Again the killer had left a pool of semen on the victim's back above the buttocks. The producer's eyes bulged, his tongue lolling out of his mouth, as if mocking Warrick, an effect grotesquely heightened by the sloppily applied garish red lipstick.

And again, the lack of blood spatter made Warrick believe the vic's finger had been separated only after the heart had stopped beating.

The cooly objective Warrick allowed himself a moment of subjectivity, by way of a disgusted half-smirk. He'd worked a lot of murder scenes, but the various and sometimes bizarre ways people got themselves killed was not nearly as surprising as the way their killers chose to live….

While Diaz was Hispanic, he was extremely light-skinned and could easily have passed for Caucasian, though these surroundings indicated pride in heritage. White victims had been the original CASt's
preference, and Sandred had fit that bill as well; whether Diaz had been mistaken for Caucasian, or had simply been “close enough” for the killer, remained to be seen.

Maybe this was a copycat who hadn't picked up on that aspect of the original crimes, and who wasn't aware that most serial killers stayed with one ethnic group, usually their own….

Of course, that wasn't a hard and fast rule; homicidal maniacs had a way of making their own rules, and rewriting them as they went, on murderous whim. Still, anything as structured as the CASt murders, which seemed to follow some sick ritual within the perpetrator's psychology, indicated a deadly attention to detail that should prove helpful to crime scene analysis.
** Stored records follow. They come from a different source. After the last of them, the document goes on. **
Lemma transported_equivariant (a : A) (e : hom (prod S a) V) :
  v ∘ e = pr1 -> e ∘ times S pr2 = ξ ∘ times S e ->
  @is_equivariant _ G (galois_obj DS_equiv a) X (i ∘ fmap D e).
Proof.
  intros He Hd. split.
  - transitivity (fmap D v ∘ fmap D e); [rewrite <- i_over; apply comp_assoc|].
    rewrite <- fmap_comp, He. reflexivity.
  - intros W g x H H'.
    change (hom W (D (prod S S))) in g. change (hom W (D (prod S a))) in x.
    destruct (sliced_cover DS_equiv pr1 g) as (V' & j & g' & Ij & Hg).
    destruct (sliced_lift DS_equiv H Hg) as (x' & K & Hx).
    assert (Ha : go_act (galois_obj DS_equiv a) ∘
                 pb_pair (pullback (gsrc G) (go_anchor (galois_obj DS_equiv a))) g x H ∘ j
                 = fmap D (tpair (pr1 ∘ g') (pr2 ∘ x')))
      by exact (act_cover DS_equiv H K Hg Hx).
    apply (iso_epi Ij).
    rewrite <- comp_assoc, Ha, (transported_act_cover H' (t := pr1 ∘ g') (y := e ∘ x')).
    + rewrite <- comp_assoc. f_equal. apply fmap_comp_eq.
      transitivity (e ∘ times S pr2 ∘ tpair (pr1 ∘ g') x');
        [unfold times; psimp; reflexivity|].
      rewrite Hd. unfold times. psimp. reflexivity.
    + etransitivity; [exact Hg|]. f_equal. apply prod_ext; psimp; [reflexivity|].
      rewrite comp_assoc, He. exact K.
    + rewrite <- !comp_assoc, fmap_comp. do 2 f_equal. exact Hx.
Qed.
End Transport.

Lemma galois_ess_surj (X : gobj G) : exists a (k : hom (Phi a) X), is_iso k.
Proof.
  destruct (sliced_ess_surj DS_equiv (go_anchor X)) as (V & v & i & i_over & i_iso).
  destruct (transported_act_lift i_over i_iso) as (ξ & ξ_over & ξ_act).
  destruct (descent_effective cmp_equiv ξ_over (transported_unit i_iso ξ_over ξ_act)
              (transported_assoc i_iso ξ_over ξ_act)) as (a & e & Ie & He & Hd).
  exists a, (exist _ (i ∘ fmap D e) (transported_equivariant ξ_act He Hd)).
  apply gobj_iso, iso_comp; [apply fmap_iso|]; assumption.
Qed.
End GaloisEquivalence.

Theorem proposition1p1 (A P : FinLimCat) (D : Functor A P) (C : Functor P A)
  (adj : Adjunction D C) (S : A) :
  effective_descent (term_hom S) ->
  IsEquivalence (sliced_functor D S) ->
  exists G : InternalGroupoid P, Equivalent A (GObjCat G).
Proof.
  intros [F [adjF cmp_equiv]] DS_equiv.
  exists (galois_groupoid DS_equiv), (galois_functor DS_equiv).
  apply fully_faithful_ess_surj_equiv.
  - exact (galois_faithful cmp_equiv).
  - exact (galois_full cmp_equiv).
  - exact (galois_ess_surj cmp_equiv).
Qed.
Certainly the similarities between this and the Sandred murder were striking, and Warrick had little doubt they were dealing with the same killer—either new or old CASt.

And, anyway, despite Grissom's surprising announcement of his own hunch that the killer was just getting started—which had already been born out by the body in this room—Warrick knew his supervisor would not tolerate assumptions, even in a situation like this. Warrick would follow the evidence to see where it led. Period.

Getting out his camera, Warrick started snapping pictures. He wasn't even through the first roll of film when Grissom seemed to materialize at his side.

“First pass,” the CSI supervisor said, “rest of the house looks clean.”